PROBLEM TO SOLVE
Would you please return the line containing "- intros p. split." and all the lines after it through the end of the records below, unchanged and on their own?

*** Opening DATASET EXTRACT ***

(* Let $S=(\mathcal{E},\Sigma,X,\mathcal{O})$ be an entity. Then $S$ is state atomic (i.e. for $p,q\in\Sigma$, if $O(e,p)\subseteq O(e,q)$ for all $e\in\mathcal{E}$ then $p=q$) if and only if the state eigen closure operator $cl_{eig}$ on $\Sigma$ satisfies the $T_1$ separation axiom.
   Context: An entity $S=(\mathcal{E},\Sigma,X,\mathcal{O})$ consists of a set $\mathcal{E}$, a set $\Sigma$, and for each $e\in\mathcal{E}$, $p\in\Sigma$ a nonempty set $O(e,p)$, with $X=\bigcup_{e,p}O(e,p)$. Let $O(e)=\bigcup_{p}O(e,p)$. For $e\in\mathcal{E}$, $eig_e:\mathcal{P}(O(e))\to\mathcal{P}(\Sigma)$ is $p\in eig_e(A)\iff O(e,p)\subseteq A$, and $\mathcal{F}(e)=\{eig_e(A):A\subseteq O(e)\}$. The state eigen closure system $\mathcal{F}_{eig}$ is the set of all intersections of families of elements of $\bigcup_e\mathcal{F}(e)$, and $cl_{eig}(K)=\bigcap\{F\in\mathcal{F}_{eig}:K\subseteq F\}$ for $K\subseteq\Sigma$. A closure operator $cl$ on $W$ satisfies $T_1$ iff $cl(\{w\})=\{w\}$ for all $w\in W$. *)

Set Implicit Arguments.

Definition set (T : Type) := T -> Prop.
Definition subset {T} (A B : set T) := forall x, A x -> B x.
Definition set_eq {T} (A B : set T) := forall x, A x <-> B x.

(* An entity (E, Sigma, X, O): O e p is the nonempty outcome set O(e,p) ⊆ X,
   and X is the union of all O(e,p). *)
Record entity := {
  Ent : Type;
  St : Type;
  Out : Type;
  O : Ent -> St -> set Out;
  O_nonempty : forall e p, exists x, O e p x;
  X_union : forall x : Out, exists e p, O e p x
}.

Definition Oe (S : entity) (e : Ent S) : set (Out S) :=
  fun x => exists p, O S e p x.

Definition eig (S : entity) (e : Ent S) (A : set (Out S)) : set (St S) :=
  fun p => subset (O S e p) A.

Definition Fe (S : entity) (e : Ent S) (F : set (St S)) : Prop :=
  exists A : set (Out S), subset A (Oe S e) /\ set_eq F (eig S e A).

Definition F_eig (S : entity) (F : set (St S)) : Prop :=
  exists Fam : set (set (St S)),
    (forall G, Fam G -> exists e, Fe S e G) /\
    set_eq F (fun p => forall G, Fam G -> G p).

Definition cl_eig (S : entity) (K : set (St S)) : set (St S) :=
  fun p => forall F, F_eig S F -> subset K F -> F p.

Definition T1 {W : Type} (cl : set W -> set W) : Prop :=
  forall w : W, set_eq (cl (fun x => x = w)) (fun x => x = w).

Definition state_atomic (S : entity) : Prop :=
  forall p q : St S, (forall e, subset (O S e p) (O S e q)) -> p = q.


(* The eigen closure of a singleton {w} is the set of states p with
   O(e,p) ⊆ O(e,w) for every e: each eig_e(O(e,w)) is a closed set containing
   w and cuts out exactly this condition at e, while every closed set is an
   intersection of sets eig_e(A), each of which is downward closed for this
   preorder. T1 therefore says that the preorder is trivial, which is state
   atomicity. *)

Section EigenClosure.

Variable S : entity.

Lemma Fe_F_eig {e : Ent S} {G : set (St S)} : Fe S e G -> F_eig S G.
Proof.
  intros HG. exists (fun H => H = G). split.
  - intros H ->. exists e. exact HG.
  - intros p. split.
    + intros Hp H ->. exact Hp.
    + intros Hp. apply Hp. reflexivity.
Qed.

Lemma Fe_eig_O (e : Ent S) (w : St S) : Fe S e (eig S e (O S e w)).
Proof.
  exists (O S e w). split.
  - intros x Hx. exists w. exact Hx.
  - intros p. tauto.
Qed.

Lemma cl_eig_extensive (K : set (St S)) : subset K (cl_eig S K).
Proof. intros p Hp F _ HKF. exact (HKF p Hp). Qed.

Lemma F_eig_lower_closed {F : set (St S)} {p q : St S} :
  F_eig S F -> (forall e, subset (O S e p) (O S e q)) -> F q -> F p.
Proof.
  intros [Fam [HFam HF]] Hpq Hq.
  apply HF. intros G HG.
  destruct (HFam G HG) as [e [A [_ HGA]]].
  assert (HqA : subset (O S e q) A) by (apply HGA, (proj1 (HF q) Hq), HG).
  apply HGA. intros x Hx. exact (HqA x (Hpq e x Hx)).
Qed.

Lemma cl_eig_singleton (w p : St S) :
  cl_eig S (fun x => x = w) p <-> forall e, subset (O S e p) (O S e w).
Proof.
  split.
  - intros Hp e. apply (Hp _ (Fe_F_eig (Fe_eig_O e w))).
    intros x -> y Hy. exact Hy.
  - intros Hpw F HF HwF.
    exact (F_eig_lower_closed HF Hpw (HwF w eq_refl)).
Qed.

End EigenClosure.

Theorem mainTheorem5 (S : entity) :
  state_atomic S <-> T1 (cl_eig S).
Proof.
  split.
  - intros Hat w p. split.
    + intros Hp. exact (Hat p w (proj1 (cl_eig_singleton S w p) Hp)).
    + intros ->. apply cl_eig_extensive. reflexivity.
  - intros HT1 p q Hpq.
    exact (proj1 (HT1 q p) (proj2 (cl_eig_singleton S q p) Hpq)).
Qed.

*** Closing DATASET EXTRACT ***

SOLVED EXERCISE
  - intros p. split.
    + intros Hp H ->. exact Hp.
    + intros Hp. apply Hp. reflexivity.
Qed.

Lemma Fe_eig_O (e : Ent S) (w : St S) : Fe S e (eig S e (O S e w)).
Proof.
  exists (O S e w). split.
  - intros x Hx. exists w. exact Hx.
  - intros p. tauto.
Qed.

Lemma cl_eig_extensive (K : set (St S)) : subset K (cl_eig S K).
Proof. intros p Hp F _ HKF. exact (HKF p Hp). Qed.

Lemma F_eig_lower_closed {F : set (St S)} {p q : St S} :
  F_eig S F -> (forall e, subset (O S e p) (O S e q)) -> F q -> F p.
Proof.
  intros [Fam [HFam HF]] Hpq Hq.
  apply HF. intros G HG.
  destruct (HFam G HG) as [e [A [_ HGA]]].
  assert (HqA : subset (O S e q) A) by (apply HGA, (proj1 (HF q) Hq), HG).
  apply HGA. intros x Hx. exact (HqA x (Hpq e x Hx)).
Qed.

Lemma cl_eig_singleton (w p : St S) :
  cl_eig S (fun x => x = w) p <-> forall e, subset (O S e p) (O S e w).
Proof.
  split.
  - intros Hp e. apply (Hp _ (Fe_F_eig (Fe_eig_O e w))).
    intros x -> y Hy. exact Hy.
  - intros Hpw F HF HwF.
    exact (F_eig_lower_closed HF Hpw (HwF w eq_refl)).
Qed.

End EigenClosure.

Theorem mainTheorem5 (S : entity) :
  state_atomic S <-> T1 (cl_eig S).
Proof.
  split.
  - intros Hat w p. split.
    + intros Hp. exact (Hat p w (proj1 (cl_eig_singleton S w p) Hp)).
    + intros ->. apply cl_eig_extensive. reflexivity.
  - intros HT1 p q Hpq.
    exact (proj1 (HT1 q p) (proj2 (cl_eig_singleton S q p) Hpq)).
Qed.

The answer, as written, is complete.